By Sgt. Joe McCarthy

YANK Staff Correspondent

San Juan, Puerto Rico—A newly-arrived soldier in the Antilles Air Task Force, which sweeps in vast loop over the tropical bases in the Caribbean and South America, guarding this vital approach to the Western Hemisphere, finds new and strange languages, customs and people.

Like Cpl. John C. Duraccio, 26, of Brooklyn, N.Y., and Cpl. Stanley Yedlicka, 23, of Universal, Pa., he may wake up and find himself in his free time smashing a forehand drive across one of the world’s most expensive tennis courts, a court made of bauxite, more than 50 percent aluminum.

antilles air task force

At Losey Field, Puerto Rico, Col. Thomas W. Hastey pins the Soldier’s Medal on three Air Force men for heroism. Left to Right, Pfc. Donald P. Lemons, Cpl. George H. Fenning and Sgt. Eugene J. Belensky, soldiers who, in danger of being overcome by gas fumes, rescued two Puerto Rican workmen from a burning gas tank.

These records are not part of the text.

(* Let $k\geq3$ be an integer and let $0\leq a<\frac1k$ and $\frac{k-1}{k}<b\leq 1$. Then: (a) $\mathcal{W}_k(a,b)\subseteq C_k$; (b) $g_k^{-1}\big(\mathcal{W}_2(g_k(a),g_k(b))\big)\cap B_k=\emptyset$; (c) $\mathcal{W}_k(a,b)=C_k\cap g_k^{-1}\big(\mathcal{W}_2(g_k(a),g_k(b))\big)$.
   Context: For an integer $m\geq2$, $T_m:[0,1)\to[0,1)$ is $T_m(x)=mx\bmod1$, and for $0\leq c<e\leq1$, $\mathcal{W}_m(c,e)=\{x\in[0,1)\ :\ T_m^n(x)\notin(c,e)\ \forall n\geq0\}$. $B_k=\{\ell/k^n\ :\ n\geq1,\ 1\leq\ell\leq k^n-1\}$. $C_k$ is the set of $x\in[0,1]$ admitting an expansion $x=\sum_{n\geq1}a_nk^{-n}$ with all $a_n\in\{0,k-1\}$. The function $g_k:[0,1]\to[0,1]$ is defined as follows: write $x=\sum_{n\geq1}a_nk^{-n}$ with $a_n\in\{0,1,\dots,k-1\}$; if $N\geq1$ is the least index with $a_N\notin\{0,k-1\}$, set $g_k(x)=\sum_{n=1}^{N-1}\frac{a_n}{(k-1)2^n}+\frac{1}{2^N}$; if all $a_n\in\{0,k-1\}$, set $g_k(x)=\sum_{n\geq1}\frac{a_n}{(k-1)2^n}$ (independent of the choice of expansion). Preimages $g_k^{-1}$ are taken in $[0,1]$. *)

From Stdlib Require Import Reals Lra Lia ClassicalEpsilon.
Open Scope R_scope.

Definition T (m : nat) (x : R) : R := frac_part (INR m * x).

Definition Wset (m : nat) (c e : R) (x : R) : Prop :=
  0 <= x < 1 /\ forall n : nat, ~ (c < Nat.iter n (T m) x < e).

Definition Bset (k : nat) (x : R) : Prop :=
  exists n l : nat, (1 <= n)%nat /\ (1 <= l)%nat /\ (l <= k ^ n - 1)%nat /\
    x = INR l / INR k ^ n.

(* a : nat -> nat is a base-k expansion of x: digits a 1, a 2, ... in {0..k-1}
   (a 0 is ignored) and x = sum_{n>=1} a_n k^{-n}. *)
Definition is_expansion (k : nat) (a : nat -> nat) (x : R) : Prop :=
  (forall n, (1 <= n)%nat -> (a n < k)%nat) /\
  infinite_sum (fun i => INR (a (S i)) / INR k ^ (S i)) x.

Definition extreme_digit (k d : nat) : Prop := d = 0%nat \/ d = (k - 1)%nat.

Definition Cset (k : nat) (x : R) : Prop :=
  0 <= x <= 1 /\
  exists a, is_expansion k a x /\ forall n, (1 <= n)%nat -> extreme_digit k (a n).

He finds even the roads at his base made of bauxite which is so important in the construction of bombers and fighter ships. The nearby hills have so much of this ore that there is enough of it to be used as gravel while other thousands of tons are being exported to refineries at home.

Or like S/Sgt. David A. Halt, 23, of Negaunee, Mich., the soldier may find himself a weather forecaster at a huge base surrounded on one side by high mountains and on the other side by dense, snake-infested jungles. They killed a 23-foot Anaconda within 5o feet of a captain’s quarters at Halt’s airfield the other day.

These Anaconda snakes have strange habits. They’ve been known to crush full-grown cattle in their coils and then circle the area for three miles to make sure there are no army ants around. After this they return to their victim and swallow him in one gigantic mouthful.

The snake will lie for three of four days after such a meal. If it gets caught by a crawling mass of arm ants, sometimes 20 feet in height, before the after-lunch siesta is over, it’s just too bad. Both snake and victim disappear quickly leaving two skeletons grotesquely entwined.

Or again, the new Antilles Air Task Force recruit may land in the same island base with Pvt. Robert H. Wyles, 20, of Lincoln, Ill. The surroundings Bob sees in his aircraft sheet metal working job down here are not much like his home in Logan County. Here, he’s 30 miles from a strange metropolis of 20,000 people who speak 15 or maybe 20 different languages and represent that many nationalities and creeds.

The strange soldier from Georgia, Nebraska or Idaho sees some queer things in this town. He passes Hindu homes with flags flying from bamboo poles in the tiny front yards. A red pennant trimmed with white means that the family has a virgin daughter of marriageable age. The white signifies her chastity.

Sometimes the soldier may see the red pennant without the white fringe, and you can imagine what that means. Occasionally the red pennant minus the white fringe flies with a smaller red, white-trimmed flag underneath it. That means the family has a non-virgin girl of marriageable age with a daughter born out of wedlock. If the smaller flag is white, it means that she has an illegitimate baby boy.

An orange flag flying before one of these Hindu homes means that the head of the house is willing to swap a daughter or two for a son. A purplish colored pennant is practically an SOS. It means that the old man wants to get rid of some of his daughters for cold hard cash.

Perhaps the new soldier may get assigned to one of the Antilles Air Task Force landing fields on the water’s edge of a tiny island somewhere between Florida and the mainland of South America. The scenery he sees on his way to chow in the evening is as beautiful as anything in those movie travel talks.

It’s quite a change from Rock Rapids, Iowa.